No check engine light on. Waiting for obd2 to arrive to double check


----------



## jlsgli89-03 (Aug 25, 2003)

check your engine mounts they are rubber and after time will fall apart. Does maybe do a VAG scan too.


----------



## 2003gtivr62.8liter (Sep 1, 2009)

That's sounds like mounts to me. They aren't bad at all to change. Just make sure u have a jack or two to support engine and/or trans


----------



## jlsgli89-03 (Aug 25, 2003)

2003gtivr62.8liter said:


> That's sounds like mounts to me. They aren't bad at all to change. Just make sure u have a jack or two to support engine and/or trans


 only problem is that they are pretty expensive but that's the world of VW's Hell I only have 81,000 on my car and my Transmission side mount is due for a change. I see these little piles of rubber layin on top of the tranny and mount area so yea I'm due too.


----------



## pro0fun (Feb 3, 2013)

Wouldn't I feel anything at 1-3 gears? Seems strange to me that mount problem only comes up after 80km/h on 4th and 5th gear. And just to specify ur talking about engine mounts right?


----------



## jlsgli89-03 (Aug 25, 2003)

yes engine mounts and the under mount also known as the dogbone. 
http://www.ecstuning.com/Volkswagen-Jetta_IV--VR6_24v/Engine/Mount/OE/ES307465/
http://www.ecstuning.com/Volkswagen-Jetta_IV--VR6_24v/Engine/Mount/OE/ES240522/
http://www.ecstuning.com/Volkswagen-Jetta_IV--VR6_24v/Engine/Mount/OE/ES240521/
now you really need to get under the car and start checking for loose items.it would really help if you can get the car on a lift.


----------



## pro0fun (Feb 3, 2013)

Well thanks a lot. That really does help and I hope its the issue. Because I way thinking that its engine or some more complicated stuff. In any case plz let me know if u or anyone else got any other ideas as per what can it be if those mounts will not solve the problem. Do I need to change them all together? Or only the broken ones. Thanks again


----------



## jlsgli89-03 (Aug 25, 2003)

depends on your budget. I will do all of mine at the same time so its a done deal once and for all


----------



## pro0fun (Feb 3, 2013)

Ok well that means its not mandatory to change it all together I guess


----------



## VR-Zych (Apr 30, 2005)

Check your inner CV joints, passenger side especially.
I had one of mine start to go and it created a similar sensation, and has been known to happen even on unmodified engines, although it seems more prone to the 5 speed variations.


----------



## 24vGTiVR6 (Sep 14, 2010)

a bad / dying CV may be it too..... doesn't hurt to check.

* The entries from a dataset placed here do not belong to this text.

(* Split the edge {v m, w m} with the new vertex over v m, and factor the
   projection to level m through the splitting map: v goes to the new vertex. *)
Lemma split_lift m v w : inlim alpha v -> inlim alpha w -> limE v w -> v m <> w m ->
  exists S k (g : rt_V (F k) -> rt_V S), [/\ is_rtree S, Fix (F k) S g,
    tle (g (v k)) (g (w k)) -> tle (v m) (w m), g (v k) != rt_root S &
    exists2 z, rt_E S (g (v k)) z & z \notin [:: g (v k); g (w k)]].
Proof.
move=> Hv Hw Hvw Hm.
have [S [s [a [b [HS Hs Hsplit Hwab]]]]] : exists S (s : rt_V S -> rt_V (F m)) (a b : rt_V (F m)),
    [/\ Fam S, Fix S (F m) s, is_split s a b (v m) & w m = a \/ w m = b].
  have Hne : v m != w m by apply/eqP.
  case: (edge_tle (HF m) (Hvw m)) => Hle.
    have [S [s [HS Hs Hsp]]] := split_exists (F_Fam m) Hne (Hvw m) Hle (or_introl erefl).
    by exists S, s, (v m), (w m); split => //; right.
  have Hne' : w m != v m by rewrite eq_sym.
  have Hwv : rt_E (F m) (w m) (v m) by rewrite edge_sym.
  have [S [s [HS Hs Hsp]]] := split_exists (F_Fam m) Hne' Hwv Hle (or_intror erefl).
  by exists S, s, (w m), (v m); split => //; left.
have [h [[k [g [Hg Hh]]] Hfac]] := lifting (admissible_proj m) Hs.
have Hsg z : inlim alpha z -> s (g (z k)) = z m by move=> Hz; rewrite -Hh // -Hfac.
have [||Hroot Hnb] := split_new_vertex Hsplit (epi_edge (Fix_epi Hg) (Hvw k)) (Hsg v Hv).
- by rewrite Hsg.
- by rewrite Hsg // => e; exact: Hm (esym e).
exists S, k, g; split => //; first exact: Fam_tree.
by move=> /(epi_tle (Fix_epi Hs)); rewrite !Hsg.
Qed.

but - nao don't grab OEM again.... you're just paying a markup for a VW stamp. If you have to grab new mount(s):

go with 034 Motorsport's motor mount set for VR6.... you can choose how stiff you want it (street / track), and ALL mounts are included for $325. If one mount is bad.... it stands to reason the others will follow suit shortly.

cheaper, better, faster, stronger :laugh:


----------



## jlsgli89-03 (Aug 25, 2003)

My question about the 034 mount would be the drivability. Do you feel more vibration in the car when using these mounts ?


----------



## JeremiahSOW (Apr 9, 2007)

No added vibrations esp with the street mounts. The good part about 034 is they are free of the voids and are not hydraulic filled like oem.


----------



## jlsgli89-03 (Aug 25, 2003)

maybe I will give them a try. Hell if I don't like them I'm sure I can find someone here to buy them.


----------



## pedrosan (Feb 6, 2005)

surprised nobody has mentioned the dual mass flywheel yet. These can and will cause all kinds of weird vibrations and shaking when they go bad. It is strange it only happens at higher gears though...


----------



## volkswagengtivr (Oct 5, 2006)

fixed the problem yet? if so what was it?


----------



## Pone Tony (Aug 10, 2010)

volkswagengtivr said:


> fixed the problem yet? if so what was it?


I'm having the same issue with my 04 GTI and would really love to hear the conclusion to this old thread.


----------